What you have to do: For the entries below, print exactly the lines between the line holding "(* A complex" and the line holding "cont2_in (fun _ _ => True) (fun a b => fst", inclusive, and nothing else.

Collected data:
======

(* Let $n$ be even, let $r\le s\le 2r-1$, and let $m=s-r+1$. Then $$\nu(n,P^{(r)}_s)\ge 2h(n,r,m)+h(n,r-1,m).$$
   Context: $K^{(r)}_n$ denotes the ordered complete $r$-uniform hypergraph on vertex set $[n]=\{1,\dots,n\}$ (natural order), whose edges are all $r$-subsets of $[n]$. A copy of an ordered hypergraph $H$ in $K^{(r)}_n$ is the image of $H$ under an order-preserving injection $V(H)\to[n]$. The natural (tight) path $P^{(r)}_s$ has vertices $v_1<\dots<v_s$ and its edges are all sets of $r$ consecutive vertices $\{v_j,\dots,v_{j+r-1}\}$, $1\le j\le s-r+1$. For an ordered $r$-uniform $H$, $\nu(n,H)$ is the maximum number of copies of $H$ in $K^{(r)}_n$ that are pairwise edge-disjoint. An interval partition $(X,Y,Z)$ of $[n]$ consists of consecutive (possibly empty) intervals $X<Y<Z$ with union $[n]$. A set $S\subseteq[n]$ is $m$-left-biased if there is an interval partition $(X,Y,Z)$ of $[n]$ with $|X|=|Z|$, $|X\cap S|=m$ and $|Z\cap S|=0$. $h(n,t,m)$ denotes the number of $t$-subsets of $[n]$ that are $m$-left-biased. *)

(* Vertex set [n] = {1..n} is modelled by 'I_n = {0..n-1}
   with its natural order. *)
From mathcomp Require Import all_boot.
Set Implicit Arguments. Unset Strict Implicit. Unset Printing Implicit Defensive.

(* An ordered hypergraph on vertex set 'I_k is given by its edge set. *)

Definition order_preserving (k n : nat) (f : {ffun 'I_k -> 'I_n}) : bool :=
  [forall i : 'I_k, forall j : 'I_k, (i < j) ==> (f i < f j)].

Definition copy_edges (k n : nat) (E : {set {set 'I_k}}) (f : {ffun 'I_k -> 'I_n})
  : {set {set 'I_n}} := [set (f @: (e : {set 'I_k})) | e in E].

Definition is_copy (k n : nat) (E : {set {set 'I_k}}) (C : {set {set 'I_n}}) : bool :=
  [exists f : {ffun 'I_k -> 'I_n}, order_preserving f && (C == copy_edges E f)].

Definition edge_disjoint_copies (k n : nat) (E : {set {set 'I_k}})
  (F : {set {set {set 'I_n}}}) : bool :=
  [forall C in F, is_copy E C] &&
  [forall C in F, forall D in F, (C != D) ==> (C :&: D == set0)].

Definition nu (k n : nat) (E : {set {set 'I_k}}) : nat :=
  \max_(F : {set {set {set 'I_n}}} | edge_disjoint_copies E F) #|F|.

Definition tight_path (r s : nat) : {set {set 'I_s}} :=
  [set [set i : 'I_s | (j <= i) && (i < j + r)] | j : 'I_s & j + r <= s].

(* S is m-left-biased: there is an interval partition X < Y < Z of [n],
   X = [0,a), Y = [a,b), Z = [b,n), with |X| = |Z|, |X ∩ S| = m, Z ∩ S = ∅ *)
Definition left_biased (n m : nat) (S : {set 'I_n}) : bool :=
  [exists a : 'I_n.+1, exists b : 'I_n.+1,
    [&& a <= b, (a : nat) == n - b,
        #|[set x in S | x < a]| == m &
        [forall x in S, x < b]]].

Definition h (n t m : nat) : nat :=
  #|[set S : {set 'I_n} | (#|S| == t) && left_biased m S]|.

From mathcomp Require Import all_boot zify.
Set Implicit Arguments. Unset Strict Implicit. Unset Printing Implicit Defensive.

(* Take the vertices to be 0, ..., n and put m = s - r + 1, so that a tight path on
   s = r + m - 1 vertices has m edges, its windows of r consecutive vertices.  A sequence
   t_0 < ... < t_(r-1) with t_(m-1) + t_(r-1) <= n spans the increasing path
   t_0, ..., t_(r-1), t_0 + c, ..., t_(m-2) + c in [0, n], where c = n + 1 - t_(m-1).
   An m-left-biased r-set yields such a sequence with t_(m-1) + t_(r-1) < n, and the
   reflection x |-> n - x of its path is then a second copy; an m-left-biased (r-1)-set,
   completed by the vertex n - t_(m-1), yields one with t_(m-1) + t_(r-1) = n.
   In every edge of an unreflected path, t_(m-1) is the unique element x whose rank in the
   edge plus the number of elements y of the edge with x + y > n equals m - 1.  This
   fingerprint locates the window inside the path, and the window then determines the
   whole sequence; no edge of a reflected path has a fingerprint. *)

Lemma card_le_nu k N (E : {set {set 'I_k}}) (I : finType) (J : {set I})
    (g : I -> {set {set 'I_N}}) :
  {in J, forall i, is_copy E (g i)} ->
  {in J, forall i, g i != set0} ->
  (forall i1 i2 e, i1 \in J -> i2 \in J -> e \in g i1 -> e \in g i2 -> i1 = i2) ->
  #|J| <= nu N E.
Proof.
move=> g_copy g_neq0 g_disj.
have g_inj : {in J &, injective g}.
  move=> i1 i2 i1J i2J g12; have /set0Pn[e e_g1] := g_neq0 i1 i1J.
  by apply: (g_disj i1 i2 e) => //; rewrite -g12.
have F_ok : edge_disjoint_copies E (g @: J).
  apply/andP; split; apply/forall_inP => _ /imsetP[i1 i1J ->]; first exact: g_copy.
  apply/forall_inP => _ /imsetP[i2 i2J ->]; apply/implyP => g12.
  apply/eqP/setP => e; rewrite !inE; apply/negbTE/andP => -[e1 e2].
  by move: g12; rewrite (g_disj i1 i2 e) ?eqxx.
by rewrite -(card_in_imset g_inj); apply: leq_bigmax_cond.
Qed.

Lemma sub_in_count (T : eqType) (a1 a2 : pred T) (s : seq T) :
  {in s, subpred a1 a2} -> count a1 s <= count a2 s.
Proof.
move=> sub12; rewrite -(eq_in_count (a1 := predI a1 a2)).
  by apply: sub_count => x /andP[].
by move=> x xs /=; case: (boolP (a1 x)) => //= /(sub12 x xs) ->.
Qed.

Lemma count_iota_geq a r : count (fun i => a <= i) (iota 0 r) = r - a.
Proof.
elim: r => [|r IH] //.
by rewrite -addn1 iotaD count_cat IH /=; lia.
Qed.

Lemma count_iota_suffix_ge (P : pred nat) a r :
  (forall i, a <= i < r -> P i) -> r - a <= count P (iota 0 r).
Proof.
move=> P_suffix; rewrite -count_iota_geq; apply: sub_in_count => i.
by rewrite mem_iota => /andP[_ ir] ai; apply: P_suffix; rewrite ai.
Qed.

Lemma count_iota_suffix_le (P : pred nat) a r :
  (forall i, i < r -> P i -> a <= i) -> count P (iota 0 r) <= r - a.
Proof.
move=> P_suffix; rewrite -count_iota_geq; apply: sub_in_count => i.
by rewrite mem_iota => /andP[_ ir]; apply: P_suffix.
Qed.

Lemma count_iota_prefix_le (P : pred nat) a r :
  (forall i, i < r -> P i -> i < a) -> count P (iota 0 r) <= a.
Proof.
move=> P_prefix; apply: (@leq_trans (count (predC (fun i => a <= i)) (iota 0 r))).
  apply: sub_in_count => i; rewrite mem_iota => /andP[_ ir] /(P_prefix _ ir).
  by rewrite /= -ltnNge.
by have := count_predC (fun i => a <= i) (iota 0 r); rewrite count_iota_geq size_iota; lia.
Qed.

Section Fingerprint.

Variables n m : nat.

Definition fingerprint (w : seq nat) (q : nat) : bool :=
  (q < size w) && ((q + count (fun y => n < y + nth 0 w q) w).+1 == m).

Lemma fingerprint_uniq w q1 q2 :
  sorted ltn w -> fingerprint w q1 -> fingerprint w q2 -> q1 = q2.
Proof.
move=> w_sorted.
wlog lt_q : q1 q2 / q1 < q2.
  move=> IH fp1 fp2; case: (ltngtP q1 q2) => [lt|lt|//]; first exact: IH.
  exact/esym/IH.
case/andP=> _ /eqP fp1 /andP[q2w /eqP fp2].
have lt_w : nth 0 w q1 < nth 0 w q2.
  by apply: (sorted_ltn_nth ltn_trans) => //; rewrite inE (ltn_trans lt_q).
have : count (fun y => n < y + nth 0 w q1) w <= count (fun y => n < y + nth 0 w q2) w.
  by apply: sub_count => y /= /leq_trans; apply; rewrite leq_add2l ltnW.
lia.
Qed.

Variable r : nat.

======

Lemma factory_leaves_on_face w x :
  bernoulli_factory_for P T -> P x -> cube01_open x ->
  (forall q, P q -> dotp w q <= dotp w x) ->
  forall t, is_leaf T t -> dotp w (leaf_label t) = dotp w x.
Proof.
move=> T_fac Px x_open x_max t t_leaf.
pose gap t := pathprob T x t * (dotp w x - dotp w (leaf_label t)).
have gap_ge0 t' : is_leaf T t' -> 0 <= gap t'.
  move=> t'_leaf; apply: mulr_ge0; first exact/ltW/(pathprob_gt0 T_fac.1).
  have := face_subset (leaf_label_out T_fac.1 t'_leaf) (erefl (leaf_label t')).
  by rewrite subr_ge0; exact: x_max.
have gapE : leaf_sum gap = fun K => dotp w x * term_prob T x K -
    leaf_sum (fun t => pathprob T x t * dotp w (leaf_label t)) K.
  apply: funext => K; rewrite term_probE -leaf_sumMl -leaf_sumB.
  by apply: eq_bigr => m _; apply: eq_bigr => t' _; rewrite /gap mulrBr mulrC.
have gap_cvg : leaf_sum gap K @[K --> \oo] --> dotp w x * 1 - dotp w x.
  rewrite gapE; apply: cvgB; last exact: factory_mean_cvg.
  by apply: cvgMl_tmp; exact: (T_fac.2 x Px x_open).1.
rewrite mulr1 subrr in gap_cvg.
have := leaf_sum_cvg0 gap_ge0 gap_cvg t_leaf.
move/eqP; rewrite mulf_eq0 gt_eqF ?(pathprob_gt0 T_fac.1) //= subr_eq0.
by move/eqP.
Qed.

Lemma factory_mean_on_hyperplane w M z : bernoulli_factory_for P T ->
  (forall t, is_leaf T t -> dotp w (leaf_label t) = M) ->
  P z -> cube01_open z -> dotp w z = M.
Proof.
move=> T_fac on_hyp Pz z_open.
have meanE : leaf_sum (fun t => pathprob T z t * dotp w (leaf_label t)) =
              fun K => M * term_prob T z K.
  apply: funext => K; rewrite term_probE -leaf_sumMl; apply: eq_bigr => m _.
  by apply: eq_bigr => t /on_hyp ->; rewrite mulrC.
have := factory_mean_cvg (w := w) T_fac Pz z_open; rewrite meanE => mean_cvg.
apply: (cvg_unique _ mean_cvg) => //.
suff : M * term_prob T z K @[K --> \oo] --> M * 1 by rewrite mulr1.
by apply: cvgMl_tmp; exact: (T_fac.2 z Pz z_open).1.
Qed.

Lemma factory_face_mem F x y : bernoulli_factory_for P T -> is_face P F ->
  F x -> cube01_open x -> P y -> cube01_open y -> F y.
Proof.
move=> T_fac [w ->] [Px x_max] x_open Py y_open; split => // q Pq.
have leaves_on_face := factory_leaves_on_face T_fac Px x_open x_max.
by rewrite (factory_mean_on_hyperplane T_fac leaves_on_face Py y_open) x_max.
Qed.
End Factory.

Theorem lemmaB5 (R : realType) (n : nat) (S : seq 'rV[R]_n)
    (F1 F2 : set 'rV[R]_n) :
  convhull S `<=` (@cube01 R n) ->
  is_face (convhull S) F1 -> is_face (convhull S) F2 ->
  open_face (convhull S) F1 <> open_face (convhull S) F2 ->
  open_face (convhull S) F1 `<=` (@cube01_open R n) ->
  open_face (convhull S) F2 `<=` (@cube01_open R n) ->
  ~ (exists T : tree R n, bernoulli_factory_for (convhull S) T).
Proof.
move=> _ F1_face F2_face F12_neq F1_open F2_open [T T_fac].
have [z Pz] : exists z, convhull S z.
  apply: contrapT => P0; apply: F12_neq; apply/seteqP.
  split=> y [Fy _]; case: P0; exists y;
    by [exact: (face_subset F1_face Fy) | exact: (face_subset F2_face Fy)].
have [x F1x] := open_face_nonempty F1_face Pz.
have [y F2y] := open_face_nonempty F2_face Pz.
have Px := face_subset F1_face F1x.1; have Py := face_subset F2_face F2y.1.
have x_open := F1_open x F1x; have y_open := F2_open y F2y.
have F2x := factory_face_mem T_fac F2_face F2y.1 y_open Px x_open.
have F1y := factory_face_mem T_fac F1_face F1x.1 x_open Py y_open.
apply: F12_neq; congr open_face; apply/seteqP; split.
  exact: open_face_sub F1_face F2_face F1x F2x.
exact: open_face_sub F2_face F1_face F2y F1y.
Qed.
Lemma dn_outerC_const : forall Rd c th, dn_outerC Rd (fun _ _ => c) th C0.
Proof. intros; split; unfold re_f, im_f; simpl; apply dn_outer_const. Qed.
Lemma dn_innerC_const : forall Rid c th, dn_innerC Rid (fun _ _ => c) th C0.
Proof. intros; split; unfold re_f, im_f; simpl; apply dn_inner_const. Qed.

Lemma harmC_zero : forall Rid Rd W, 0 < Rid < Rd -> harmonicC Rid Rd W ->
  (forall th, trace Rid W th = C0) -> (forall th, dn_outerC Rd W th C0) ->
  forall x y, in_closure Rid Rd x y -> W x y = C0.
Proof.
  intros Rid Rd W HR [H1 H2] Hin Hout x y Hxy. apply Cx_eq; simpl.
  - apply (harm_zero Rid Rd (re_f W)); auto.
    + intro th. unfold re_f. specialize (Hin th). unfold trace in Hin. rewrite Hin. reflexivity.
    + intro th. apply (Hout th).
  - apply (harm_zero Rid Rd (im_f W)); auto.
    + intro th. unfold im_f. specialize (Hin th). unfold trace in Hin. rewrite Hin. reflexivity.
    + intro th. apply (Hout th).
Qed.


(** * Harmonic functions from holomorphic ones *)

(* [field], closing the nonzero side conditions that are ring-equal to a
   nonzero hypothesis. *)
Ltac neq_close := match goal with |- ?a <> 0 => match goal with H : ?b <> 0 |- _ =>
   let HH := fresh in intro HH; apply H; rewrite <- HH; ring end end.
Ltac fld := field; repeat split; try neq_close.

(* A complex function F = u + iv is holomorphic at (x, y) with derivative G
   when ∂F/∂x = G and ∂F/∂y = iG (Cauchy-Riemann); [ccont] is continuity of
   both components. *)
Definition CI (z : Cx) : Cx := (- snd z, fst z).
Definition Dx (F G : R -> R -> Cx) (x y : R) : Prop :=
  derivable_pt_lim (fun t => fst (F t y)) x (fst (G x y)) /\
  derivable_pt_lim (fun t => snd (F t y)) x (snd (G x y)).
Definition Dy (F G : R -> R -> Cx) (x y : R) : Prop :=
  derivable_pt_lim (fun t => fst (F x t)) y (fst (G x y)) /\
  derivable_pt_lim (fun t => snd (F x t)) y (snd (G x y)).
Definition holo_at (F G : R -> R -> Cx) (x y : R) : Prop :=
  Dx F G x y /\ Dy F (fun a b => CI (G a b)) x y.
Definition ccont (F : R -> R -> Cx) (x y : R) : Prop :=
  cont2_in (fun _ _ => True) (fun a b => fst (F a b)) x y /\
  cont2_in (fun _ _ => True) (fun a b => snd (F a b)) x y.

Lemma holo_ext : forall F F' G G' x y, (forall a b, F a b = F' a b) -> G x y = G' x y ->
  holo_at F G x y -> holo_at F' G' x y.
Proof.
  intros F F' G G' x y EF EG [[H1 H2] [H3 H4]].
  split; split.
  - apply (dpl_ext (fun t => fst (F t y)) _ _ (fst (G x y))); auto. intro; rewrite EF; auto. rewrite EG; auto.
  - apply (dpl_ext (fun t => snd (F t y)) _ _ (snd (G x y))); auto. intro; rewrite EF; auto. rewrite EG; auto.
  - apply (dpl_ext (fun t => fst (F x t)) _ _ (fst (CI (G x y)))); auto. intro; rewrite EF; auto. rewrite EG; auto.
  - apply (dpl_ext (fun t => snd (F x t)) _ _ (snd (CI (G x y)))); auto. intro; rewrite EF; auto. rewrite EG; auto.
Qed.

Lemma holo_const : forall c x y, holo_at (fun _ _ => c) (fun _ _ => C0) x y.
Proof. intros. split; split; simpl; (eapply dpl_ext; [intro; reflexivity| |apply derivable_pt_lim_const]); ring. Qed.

======

The answer:
(* A complex function F = u + iv is holomorphic at (x, y) with derivative G
   when ∂F/∂x = G and ∂F/∂y = iG (Cauchy-Riemann); [ccont] is continuity of
   both components. *)
Definition CI (z : Cx) : Cx := (- snd z, fst z).
Definition Dx (F G : R -> R -> Cx) (x y : R) : Prop :=
  derivable_pt_lim (fun t => fst (F t y)) x (fst (G x y)) /\
  derivable_pt_lim (fun t => snd (F t y)) x (snd (G x y)).
Definition Dy (F G : R -> R -> Cx) (x y : R) : Prop :=
  derivable_pt_lim (fun t => fst (F x t)) y (fst (G x y)) /\
  derivable_pt_lim (fun t => snd (F x t)) y (snd (G x y)).
Definition holo_at (F G : R -> R -> Cx) (x y : R) : Prop :=
  Dx F G x y /\ Dy F (fun a b => CI (G a b)) x y.
Definition ccont (F : R -> R -> Cx) (x y : R) : Prop :=
  cont2_in (fun _ _ => True) (fun a b => fst (F a b)) x y /\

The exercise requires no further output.